Unpopular opinions for Kansas City Chiefs fans

Well, here we are, a handful of weeks before the draft, and the Kansas City Chiefs sit in a much better situation than they were in last year. They have a few needs, some need for depth at positions, and a chance to see some of the successes from last year, yet there are several stories that are making waves in Kansas City this offseason.

Three of these occurrences stick out in my mind, and they drastically shape the way the team could look, play, and ultimately succeed or fail over the next 2-3 years. There's a lot on the plate for John Dorsey and Andy Reid, and I have a feeling we'll start to see how some of the chips fall as soon as this year. I'm going to run through the things I feel are most important to the shape of the team and share some of my opinions, which are likely to be not that popular amongst some fans.

With all that said, let's get started on the first:

Alex Smith should not be re-signed or extended this year. Unless…

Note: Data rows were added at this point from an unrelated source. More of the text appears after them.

Lemma span_natcoef (coef : {set F} -> nat) :
  span [ffun t => \sum_(B in blocks) (coef B)%:R * (t \in B)%:R].
Proof.
exists (fun B => inord (coef B %% 3)) => t; rewrite ffunE; apply: eq_bigr => B _.
by rewrite inordK ?ltn_pmod // natr_mod3.
Qed.

Lemma spanD v w : span v -> span w -> span (v + w).
Proof.
move=> [cv v_def] [cw w_def].
suff -> : v + w = [ffun t => \sum_(B in blocks) (cv B + cw B)%:R * (t \in B)%:R].
  exact: span_natcoef.
apply/ffunP => t; rewrite !ffunE v_def w_def -big_split.
by apply: eq_bigr => B _; rewrite natrD mulrDl.
Qed.

Lemma spanN v : span v -> span (- v).
Proof.
move=> [cv v_def].
suff -> : - v = [ffun t => \sum_(B in blocks) (2 * cv B)%:R * (t \in B)%:R].
  exact: span_natcoef.
apply/ffunP => t; rewrite !ffunE v_def -sumrN.
by apply: eq_bigr => B _; rewrite natrM two_eqN1 // mulN1r mulNr.
Qed.

Lemma span0 : span 0.
Proof.
suff -> : 0 = [ffun t : F => \sum_(B in blocks) (0%N)%:R * (t \in B)%:R :> F].
  exact: span_natcoef.
by apply/ffunP => t; rewrite !ffunE big1 // => B _; rewrite mul0r.
Qed.

Lemma span_block B : B \in blocks -> span [ffun t => (t \in B)%:R].
Proof.
move=> B_block; exists (fun B' => inord (B' == B)) => t.
rewrite ffunE (bigD1 B) //= eqxx inordK // mul1r big1 ?addr0 // => B' /andP[_ /negbTE->].
by rewrite inordK // mul0r.
Qed.

(* C_3(D_d) is invariant under the affine group, since D_d is. *)
Lemma span_affine v (l s : F) : l != 0 -> span v -> span [ffun t => v (l * t + s)].
Proof.
move=> l_neq0 [coef v_def].
exists (fun B => coef (affine_preim l^-1 (- (l^-1 * s)) B)) => t.
rewrite ffunE v_def [RHS](reindex_inj (can_inj (affine_preimK s l_neq0))) /=.
apply: eq_big => [B | B _]; first by rewrite blocks_affine.
by rewrite affine_preimK // inE.
Qed.

Lemma span_codeword_sq c (l s : F) : c \in code -> wt c = d -> l != 0 ->
  span [ffun t => c (l * t + s) ^+ 2].
Proof.
move=> c_code wt_c l_neq0.
have := span_affine s l_neq0 (span_block (support_block c_code wt_c)).
by congr span; apply/ffunP => t; rewrite !ffunE (support_indicator pcharF frob_id _ c_code).
Qed.

(* One nonzero trace functional in C_3(D_d) yields all of them, by scaling t. *)
Lemma span_tr_scale (y b : F) : y != 0 ->
  span [ffun t => tr2m m (y * t)] -> span [ffun t => tr2m m (b * t)].
Proof.
move=> y_neq0 span_y; have [->|b_neq0] := eqVneq b 0.
  suff -> : [ffun t => tr2m m ((0 : F) * t)] = 0 by exact: span0.
  by apply/ffunP => t; rewrite !ffunE mul0r tr0.
have l_neq0 : b / y != 0 by rewrite mulf_neq0 ?invr_neq0.
have := span_affine 0 l_neq0 span_y.
by congr span; apply/ffunP => t; rewrite !ffunE addr0 mulrA [y * _]mulrC divfK.
Qed.

End Span.

Section MinimumWeight.
Variables (F : finFieldType) (m d : nat).
Hypotheses (m_gt0 : (0 < m)%N) (cardF : #|F| = (3 ^ (2 * m))%N).
Hypothesis min_d : @is_min_weight F m d.
Local Notation tr := (@tr2m F m).
Local Notation code := (@code F m).
Local Notation span := (@in_span_blocks F m d).
Local Notation q := (3 ^ m)%N.
Let pcharF := pcharF3 cardF.
Let frob_id := frob_card cardF.


(* The codeword Tr(t) is nonzero and vanishes at 0, so d < |F|. *)
Lemma min_weight_lt_card : (d < #|F|)%N.
Proof.
pose c := cw m (0 : F) 1 ord0.
have c_tr t : c t = tr t by rewrite ffunE mul0r add0r mul1r addr0.
have c_neq0 : c != 0.
  have [t tr_neq0] := tr_nondeg m_gt0 cardF (oner_neq0 F).
  by apply: contra_neq tr_neq0 => c0; rewrite mul1r -c_tr c0 ffunE.
have c_lt : (wt c < #|F|)%N.
  rewrite /wt -cardsT; apply: proper_card; rewrite properT; apply/eqP => suppT.
  have : (0 : F) \in Defs.support c by rewrite suppT inE.
  by rewrite inE c_tr tr0 eqxx.
apply: leq_ltn_trans c_lt; apply: (proj2 min_d) c_neq0.
by rewrite cw_code // /in_sub expr0n expn_eq0.
Qed.

(* Linear case: if c = Tr(bt) + k has weight d, then Tr(bt) = c(t+s1)^2 - c(t+s2)^2
   for translates with c(t+s1) = Tr(bt) + 1 and c(t+s2) = Tr(bt) - 1. *)
Lemma span_tr_linear c (b : F) k : b != 0 -> c = cw m 0 b k -> wt c = d ->
  span [ffun t => tr (b * t)].
Proof.
move=> b_neq0 c_def wt_c.
have c_code : c \in code by rewrite c_def cw_code // /in_sub expr0n expn_eq0.
have c_shift t s : c (t + s) = tr (b * t) + (tr (b * s) + k%:R).
  by rewrite c_def ffunE mul0r add0r mulrDr trD // addrA.
have [s1 tr_s1] : exists s, tr (b * s) = 1 - k%:R.
  by apply: tr_onto; rewrite // rpredB ?rpred1 ?rpred_nat.
have [s2 tr_s2] : exists s, tr (b * s) = - 1 - k%:R.
  by apply: tr_onto; rewrite // rpredB ?rpredN ?rpred1 ?rpred_nat.
have sq s := span_codeword_sq pcharF frob_id s c_code wt_c (oner_neq0 F).
have := spanD pcharF (sq s1) (spanN pcharF (sq s2)).
congr span; apply/ffunP => t; rewrite !ffunE !mul1r !c_shift tr_s1 tr_s2 !subrK.
by rewrite sqr_diff // mulr1.
Qed.

Section QuadraticCase.
Variables (a b : F) (k : 'I_3) (c : {ffun F -> F}).
Hypotheses (a_neq0 : a != 0) (a_sub : a ^+ q = a).
Hypotheses (c_def : c = cw m a b k) (wt_c : wt c = d).
Local Notation Q := (quad m a).
Local Notation P := (polar m a).

(* Completing the square: after the shift by s0, c is Q plus a constant. *)
Let s0 := (b / (2%:R * a)) ^+ q.
Let w := c (- s0).

Lemma cw_centered t : c (t - s0) = Q t + w.
Proof.
have frobN (x : F) : (- x) ^+ q = - x ^+ q.
  by rewrite -mulN1r exprMn -signr_odd oddX orbT mulN1r.
have lin0 : 2%:R * a * 1 * (- s0) ^+ q + b * 1 = 0.
  rewrite frobN frob_half_invol // !mulr1 mulrN mulrC divfK ?addNr //.
  by rewrite mulf_neq0 // two_eqN1 // oppr_eq0 oner_neq0.
rewrite /w c_def !ffunE; have := tr_quad_affine pcharF frob_id a_sub b 1 (- s0) t.
by rewrite mul1r => ->; rewrite lin0 mul0r addr0 expr1n mulr1 -addrA.
Qed.

(* The difference D_s(t) = c(t+s-s0)^2 - c(t-s-s0)^2 equals (Q t + Q s + w) P(t, s). *)
Lemma span_polar_diff s : span [ffun t => (Q t + Q s + w) * P t s].
Proof.
have c_code : c \in code by rewrite c_def cw_code // /in_sub a_sub.
have sq x := span_codeword_sq pcharF frob_id x c_code wt_c (oner_neq0 F).
have := spanD pcharF (sq (s - s0)) (spanN pcharF (sq (- s - s0))).
congr span; apply/ffunP => t; rewrite !ffunE !mul1r !addrA !cw_centered.
rewrite quadD // quadD // quadN // polarN // -sqr_diff //; congr (_ ^+ 2 - _ ^+ 2).
  by rewrite addrAC.
by rewrite addrAC [_ + - _]addrC addrA.
Qed.

(* A direction th outside F_3 with Q 1 + P(1, th) <> 0; it makes the vector z
   below nonzero, since 1 and th are independent over F_3. *)
Lemma exists_polar_direction : exists2 th, th \notin primeF & Q 1 + P 1 th != 0.
Proof.
have a2_neq0 : 2%:R * a != 0 by rewrite mulf_neq0 // two_eqN1 // oppr_eq0 oner_neq0.
have [th th_nonprime tr_th] := exists_nonprime_tr m_gt0 cardF (- Q 1) a2_neq0.
exists th => //; rewrite polar_sym // /polar expr1n mulr1.
by apply: contra_neq tr_th => /eqP; rewrite addrC addr_eq0 => /eqP.
Qed.

(* With lambda, mu as below, the combination D_1 + D_th - D_(1+th) of the
   differences of span_polar_diff equals P(t, lambda + mu th) = Tr(y t). *)
Lemma span_tr_quadratic : exists2 y, y != 0 & span [ffun t => tr (y * t)].
Proof.
have [th th_nonprime nondeg] := exists_polar_direction.
have Q_prime x : Q x \in primeF by apply: tr_primeF.
have P_prime x y : P x y \in primeF by apply: tr_primeF.
pose lambda := - (Q th + P 1 th); pose mu := - (Q 1 + P 1 th).
have lambda_prime : lambda \in primeF by rewrite rpredN ?rpredD.
have mu_prime : mu \in primeF by rewrite rpredN ?rpredD.
pose z := lambda * 1 + mu * th.
have z_neq0 : z != 0.
  apply: contraNneq th_nonprime => z0.
  have mu_neq0 : mu != 0 by rewrite oppr_eq0.
  have mu_th : mu * th = - lambda by apply/eqP; rewrite -addr_eq0 addrC -[lambda]mulr1 -/z z0.
  have -> : th = - lambda / mu by apply: (mulfI mu_neq0); rewrite mulrCA mulfV // mulr1 mu_th.
  by rewrite rpred_div // rpredN.
exists (2%:R * a * z ^+ q).
  by rewrite !mulf_neq0 ?expf_neq0 // two_eqN1 // oppr_eq0 oner_neq0.
have := spanD pcharF (span_polar_diff 1)
  (spanD pcharF (span_polar_diff th) (spanN pcharF (span_polar_diff (1 + th)))).
congr span; apply/ffunP => t; rewrite !ffunE.
have -> : tr (2%:R * a * z ^+ q * t) = P t z by [].
rewrite /z !polarD // !polarZ // quadD // /lambda /mu; ring.
Qed.

End QuadraticCase.

Lemma wt_cw_const k : cw m (0 : F) 0 k != 0 -> wt (cw m (0 : F) 0 k) = #|F|.
Proof.
have cst t : cw m (0 : F) 0 k t = k%:R by rewrite ffunE !mul0r addr0 tr0 add0r.
move=> c_neq0; have k_neq0 : k%:R != 0 :> F.
  by apply: contra_neq c_neq0 => k0; apply/ffunP => t; rewrite cst k0 ffunE.
by rewrite /wt -cardsT; apply: eq_card => t; rewrite !inE cst k_neq0.
Qed.

Lemma exists_tr_in_span : exists2 y : F, y != 0 & span [ffun t => tr (y * t)].
Proof.
case: min_d => -[c c_code /andP[c_neq0 /eqP wt_c]] _.
move: (c_code); rewrite inE => /existsP[a /existsP[b /existsP[k /andP[/eqP a_sub /eqP c_def]]]].
have [a0|a_neq0] := eqVneq a 0; last exact: span_tr_quadratic a_sub c_def wt_c.
have [b0|b_neq0] := eqVneq b 0.
  have c_const : c = cw m 0 0 k by rewrite c_def a0 b0.
  by have := min_weight_lt_card; rewrite -wt_c c_const wt_cw_const -?c_const ?ltnn.
exists b => //; apply: (span_tr_linear b_neq0 _ wt_c).
by rewrite c_def a0.
Qed.

End MinimumWeight.

Unset Implicit Arguments. Set Strict Implicit.

Theorem lemma3p6 (m : nat) (hm : (2 <= m)%N) (F : finFieldType)
  (hF : #|F| = (3 ^ (2 * m))%N) (d : nat) (hd : @is_min_weight F m d) :
  forall b : F, @in_span_blocks F m d [ffun t => @tr2m F m (b * t)].
Proof.
move=> b; have m_gt0 : (0 < m)%N by apply: ltnW.
have [y y_neq0 span_y] := exists_tr_in_span m_gt0 hF hd.
exact: (span_tr_scale (pcharF3 hF) (frob_card hF) b y_neq0 span_y).
Qed.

With the Pro Football Talk report of the Chiefs discussing a $14-17 million per year contract with Alex Smith this week, there have been conflicting opinions about whether or not Alex Smith is worth that amount of money. This is not that argument. Whether or not you agree with it, quarterback contracts have officially reached ridiculously large numbers. If a team wants to wrap up their guy long term, that’s unfortunately the price range. Some guys won their team a championship and earned the contract. Some had repeated playoff success and earned it. Some broke records and consistently played at a top five level. And some guys have Jerry Jones paying their bills.


This guy.

Alex Smith’s contract is currently team-friendly on a team that doesn’t have many of those types of contracts. It fits underneath the Chiefs salary cap, and the team isn’t having to make sacrifices to their current roster to pay him his salary. Let’s play a hypothetical game and say that Alex Smith not only plays well this next year, but he plays his way into the top five in completion percentage, quarterback rating, and TD / INT ratio. He also has career highs in yardage and touchdowns. The Chiefs win enough games to get to the playoffs, and they finally bring home an elusive playoff win. That’s fantastic for Alex, and maybe the Chiefs offer him a contract then and there. That contract is still likely worth $14-17 million per year, or about what Eli Manning, Ben Roethlisberger, Philip Rivers, and Matt Stafford are making.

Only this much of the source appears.